« Le pare-feu, c’est nous ! » : l’Allemagne se mobilise face à la banalisation de l’extrême droite
En une décision politique, Friedrich Merz aura réussi à réunir des centaines de milliers d’Allemands contre lui. Le candidat à la chancellerie du parti conservateur Union chrétienne-démocrate (CDU) a décidé de rompre le cordon sanitaire qui tenait l’extrême droite allemande à la marge pendant près de sept décennies, mercredi 29 janvier.
Le week-end suivant a été synonyme de mobilisation massive. Contre ce « pacte avec le diable », 250 000 manifestants (160 000 personnes selon la police) se sont donnés rendez-vous au pied du Bundestag, le Parlement allemand, dimanche 2 février. D’autres rassemblements contre l’extrême droite ont rassemblé, un jour plus tôt, près de 220 000 personnes, d’Aix-la-Chapelle à Cologne, en passant par Francfort, Hambourg, Augsbourg, Braunschweig, Brême, Karlsruhe ou Leipzig. Des milliers de manifestants s’étaient déjà rassemblés dès mercredi soir, devant le siège de la CDU/CSU, la « maison Adenauer », située à Berlin.
Une remise en cause du droit d’asile
La fracture a eu lieu lorsque le chef de file de la CDU a eu recours aux voix de Alternative für Deutschland (AfD) pour faire adopter – avec 348 votes positifs contre 345 négatifs – une motion plaidant pour durcir la législation de l’immigration.

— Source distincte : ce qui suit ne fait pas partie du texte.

Definition complete_sun_adj (n : nat) : rel (sun_vertex n) :=
  fun x y =>
    match x, y with
    | inl i, inl j => i != j
    | inl i, inr j => uw_adj i j
    | inr j, inl i => uw_adj i j
    | inr _, inr _ => false
    end.

Definition sumset (A B : {fset nat}) : {fset nat} :=
  [fset addn a b | a in A, b in B].

Definition weak_IASI (V : finType) (adj : rel V) (f : V -> {fset nat}) : Prop :=
  [/\ forall x, f x != fset0,
      injective f,
      (forall x y x' y', adj x y -> adj x' y' ->
          sumset (f x) (f y) = sumset (f x') (f y') -> [set x; y] = [set x'; y']) &
      (forall x y, adj x y ->
          #|` sumset (f x) (f y)| = maxn #|` f x| #|` f y|)].

Definition mono_edges (V : finType) (adj : rel V) (f : V -> {fset nat}) : nat :=
  #|[set e : {set V} | [exists x, exists y,
       [&& e == [set x; y], adj x y & #|` sumset (f x) (f y)| == 1]]]|.

Definition sparing_number_is (V : finType) (adj : rel V) (k : nat) : Prop :=
  (exists f, weak_IASI adj f /\ mono_edges adj f = k) /\
  (forall f, weak_IASI adj f -> k <= mono_edges adj f).

From mathcomp Require Import all_boot.
From mathcomp Require Import finmap zify.
Set Implicit Arguments. Unset Strict Implicit. Unset Printing Implicit Defensive.

(* If |A|, |B| >= 2 then |A + B| > max(|A|, |B|), so in a weak IASI the vertices
   with non-singleton labels form an independent set I and the mono-indexed edges
   are exactly the edges avoiding I.  Conversely, labelling the vertices by
   distinct powers of two and adding 0 to the labels of an independent set I gives
   a weak IASI whose mono-indexed edges are exactly those avoiding I.  In the
   complete sun an independent set contains at most one u_i; the edges avoiding it
   include the clique on the other n - 1 vertices of U together with u_(i-1) w_i
   and u_(i+1) w_(i+1), i.e. at least C(n-1, 2) + 2 of them, and
   I = {u_0, w_2, ..., w_(n-1)} attains this bound. *)

Local Open Scope fset_scope.
Local Open Scope nat_scope.

Lemma in_sumset (A B : {fset nat}) m :
  reflect (exists2 a, a \in A & exists2 b, b \in B & m = a + b) (m \in sumset A B).
Proof. exact: imfset2P. Qed.

Lemma sumsetC (A B : {fset nat}) : sumset A B = sumset B A.
Proof.
apply/fsetP => m; apply/in_sumset/in_sumset => -[x xA [y yB ->]];
  by exists y => //; exists x => //; rewrite addnC.
Qed.

Lemma card_sumset1l a (B : {fset nat}) : #|` sumset [fset a] B| = #|` B|.
Proof.
have -> : sumset [fset a] B = [fset a + b | b in B].
  apply/fsetP => m; apply/in_sumset/imfsetP.
  - by move=> [x]; rewrite in_fset1 => /eqP -> [b bB ->]; exists b.
  - by move=> [b /= bB ->]; exists a; rewrite ?in_fset1 //; exists b.
by rewrite card_imfset //; apply: addnI.
Qed.

Lemma card_sumset1r b (A : {fset nat}) : #|` sumset A [fset b]| = #|` A|.
Proof. by rewrite sumsetC card_sumset1l. Qed.

Lemma fset_nat_max (B : {fset nat}) :
  B != fset0 -> exists2 m, m \in B & {in B, forall x, x <= m}.
Proof.
case/fset0Pn => y yB.
have ubB x : x \in B -> x <= \max_(b <- B) b by move=> xB; apply: leq_bigmax_seq.
by case: (ex_maxnP (ex_intro [eta mem B] y yB) ubB) => m mB mmax; exists m.
Qed.

Lemma card_sumset_gtl (A B : {fset nat}) :
  2 <= #|` A| -> 2 <= #|` B| -> #|` A| < #|` sumset A B|.
Proof.
move=> A2 B2.
have [am amA amax] : exists2 m, m \in A & {in A, forall x, x <= m}.
  by apply: fset_nat_max; rewrite -cardfs_gt0 (leq_trans _ A2).
have [bm bmB bmax] : exists2 m, m \in B & {in B, forall x, x <= m}.
  by apply: fset_nat_max; rewrite -cardfs_gt0 (leq_trans _ B2).
have [b bB b_lt] : exists2 b, b \in B & b < bm.
  have /fsubsetPn [b bB] : ~~ (B `<=` [fset bm]).
    by apply: contraTN B2 => /fsubset_leq_card; rewrite cardfs1 ltnNge => ->.
  by rewrite in_fset1 => b_neq; exists b; rewrite // ltn_neqAle b_neq bmax.
(* [A + b] has [#|A|] elements, all below the extra element [am + bm]. *)
set Ab := [fset a + b | a in A].
have card_Ab : #|` Ab| = #|` A| by rewrite card_imfset //; apply: addIn.
have top_notin : am + bm \notin Ab.
  apply/imfsetP => -[a /= aA]; have := leq_add (amax a aA) b_lt; lia.
have sub : am + bm |` Ab `<=` sumset A B.
  apply/fsubsetP => x; rewrite in_fset1U => /orP [/eqP ->|/imfsetP [a /= aA ->]].
  - by apply/in_sumset; exists am => //; exists bm.
  - by apply/in_sumset; exists a => //; exists b.
by move/fsubset_leq_card: sub; rewrite cardfsU1 top_notin card_Ab.
Qed.

Lemma trunc_log2_add_exp2 a b : a < b -> trunc_log 2 (2 ^ a + 2 ^ b) = b.
Proof.
move=> ab; apply: trunc_log_eq => //.
by rewrite leq_addl /= expnS mul2n -addnn ltn_add2r ltn_exp2l.
Qed.

Lemma add_exp2_inj a b c d :
  a < b -> c < d -> 2 ^ a + 2 ^ b = 2 ^ c + 2 ^ d -> a = c /\ b = d.
Proof.
move=> ab cd e.
have bd : b = d by rewrite -(trunc_log2_add_exp2 ab) e trunc_log2_add_exp2.
by split=> //; move: e; rewrite bd => /addIn /eqP; rewrite eqn_exp2l // => /eqP.
Qed.

Lemma add_exp2_pair a b c d : a != b -> c != d ->
  2 ^ a + 2 ^ b = 2 ^ c + 2 ^ d -> (a = c /\ b = d) \/ (a = d /\ b = c).
Proof.
move=> + + e; case: (ltngtP a b) => // ab _; case: (ltngtP c d) => // cd _.
- by left; apply: add_exp2_inj.
- by right; apply: add_exp2_inj; rewrite // e addnC.
- by right; case: (add_exp2_inj ab cd); rewrite // addnC e.
- by left; case: (add_exp2_inj ab cd); rewrite // addnC e addnC.
Qed.

Section Graphs.
Variables (V : finType) (adj : rel V).

Definition independent (I : {set V}) : Prop :=
  {in I &, forall x y, ~~ adj x y}.

Lemma independent_adj_notin (I : {set V}) x y :
  independent I -> x \in I -> adj x y -> y \in ~: I.
Proof. by move=> indepI xI axy; rewrite inE; apply: contraL axy; apply: indepI. Qed.

Definition edges_within (S : {set V}) : {set {set V}} :=
  [set [set x; y] | x in S, y in S & adj x y].

Lemma clique_edges_within (T S : {set V}) :
  T \subset S -> {in T &, forall x y, x != y -> adj x y} ->
  [set B : {set V} | B \subset T & #|B| == 2] \subset edges_within S.
Proof.
move=> sTS cliqueT; apply/subsetP => B.
rewrite inE => /andP [sBT /cards2P [x [y [xy defB]]]].
have xT : x \in T by apply: (subsetP sBT); rewrite defB !inE eqxx.
have yT : y \in T by apply: (subsetP sBT); rewrite defB !inE eqxx orbT.
rewrite defB; apply/imset2P; apply: Imset2spec (subsetP sTS x xT) _ _ => //.
by rewrite inE (subsetP sTS) ?cliqueT.
Qed.

Definition mono_vertices (f : V -> {fset nat}) : {set V} := [set x | #|` f x| == 1].

Section WeakIASI.
Variable f : V -> {fset nat}.
Hypothesis f_weak : weak_IASI adj f.

Lemma weak_IASI_card_gt0 x : 0 < #|` f x|.
Proof. by case: f_weak => label_neq0 _ _ _; rewrite cardfs_gt0. Qed.

Lemma weak_IASI_nonmono_independent : independent (~: mono_vertices f).
Proof.
move=> x y; rewrite !inE => xn1 yn1; apply/negP => axy.
have x2 : 1 < #|` f x| by have := weak_IASI_card_gt0 x; lia.
have y2 : 1 < #|` f y| by have := weak_IASI_card_gt0 y; lia.
case: f_weak => _ _ _ /(_ x y axy) card_xy.
have := card_sumset_gtl x2 y2; have := card_sumset_gtl y2 x2.
by rewrite sumsetC card_xy; lia.
Qed.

Dans ce texte intitulé « Zustrombegrenzungsgesetz » – « loi de limitation du flux » en français -, divisé en cinq points, le candidat à la chancellerie plaidait pour un durcissement des contrôles à la frontière allemande, l’expulsion « systématique » des citoyens tenus de quitter le territoire, mais aussi une remise en cause du droit d’asile afin de refouler les demandeurs d’asile.
Un programme qui n’a rien à envier à celui de l’AfD, dont le fonds de commerce repose sur la haine de « l’étranger ». Raciste, fasciste, héritier du nazisme, le parti d’extrême droite codirigé par Alice Weidel est crédité d’environ 20 % d’intentions de vote lors des prochaines législatives – le 23 février -, juste derrière la CDU et ses 30 %. Le même Friedrich Merz a tenté, vendredi 31 janvier, de faire adopter une loi visant à limiter le regroupement familial des exilés.
Appuyé par les députés du FDP (libéraux) et du BSW (Alliance Sahra Wagenknecht)… et de l’AfD, le texte a finalement été rejeté grâce au rétablissement in extremis du cordon sanitaire. Un scénario déterminant, alors que ce projet de loi aurait eu des conséquences légales plus tangibles que la motion votée deux jours auparavant.
Alors que les commémorations pour les 80 ans de la libération du camp d’Auschwitz ont lieu quelques jours plus tôt, les dizaines de milliers de manifestants berlinois ont marché à proximité du mémorial des Juifs d’Europe, de celui dédié aux Roms et Sintis, et se sont retrouvés place de la République, face au Parlement, celui-là même réduit en cendres le 27 février 1933, mais également à proximité du lieu où Adolf Hitler a obtenu les pleins pouvoirs avec le soutien des conservateurs, en mars 1933. Survivant de la Shoah, l’Allemand Albrecht Weinberg a annoncé, jeudi 30 janvier, vouloir rendre la décoration de l’Ordre du Mérite, plus haute distinction en Allemagne, qu’il a reçu en 2017. Celui qui aura 100 ans en mars, a fustigé la stratégie de la CDU : « Je crains que l’histoire ne se répète. »
« Le pare-feu, c’est nous ! », ont ainsi scandé les manifestants, tandis que Michel Friedman, l’un des rares membres de la CDU à s’être rebellé contre le rapprochement avec l’AfD – au point de quitter le parti -, a pris la parole devant la foule. « La dignité de l’être humain est inviolable, a lancé l’essayiste issu de la communauté juive allemande. Le parti de la haine (l’AfD) est un problème fondamental de ce pays. »
« Vendredi, j’étais très nerveuse, j’ai passé la journée avec des amis à regarder les débats au Bundestag, raconte Öz, militante queer, à l’Agence France-Presse (AFP). De voir en direct la CDU parler puis l’AfD applaudir et vice versa, c’est effrayant. » Le chancelier social-démocrate Olaf Scholz a salué, sur X, le message envoyé par « des centaines de milliers de citoyennes et citoyens dans tout le pays » : « Jamais avec l’extrême droite. » La manifestation s’est achevée devant le siège du parti conservateur.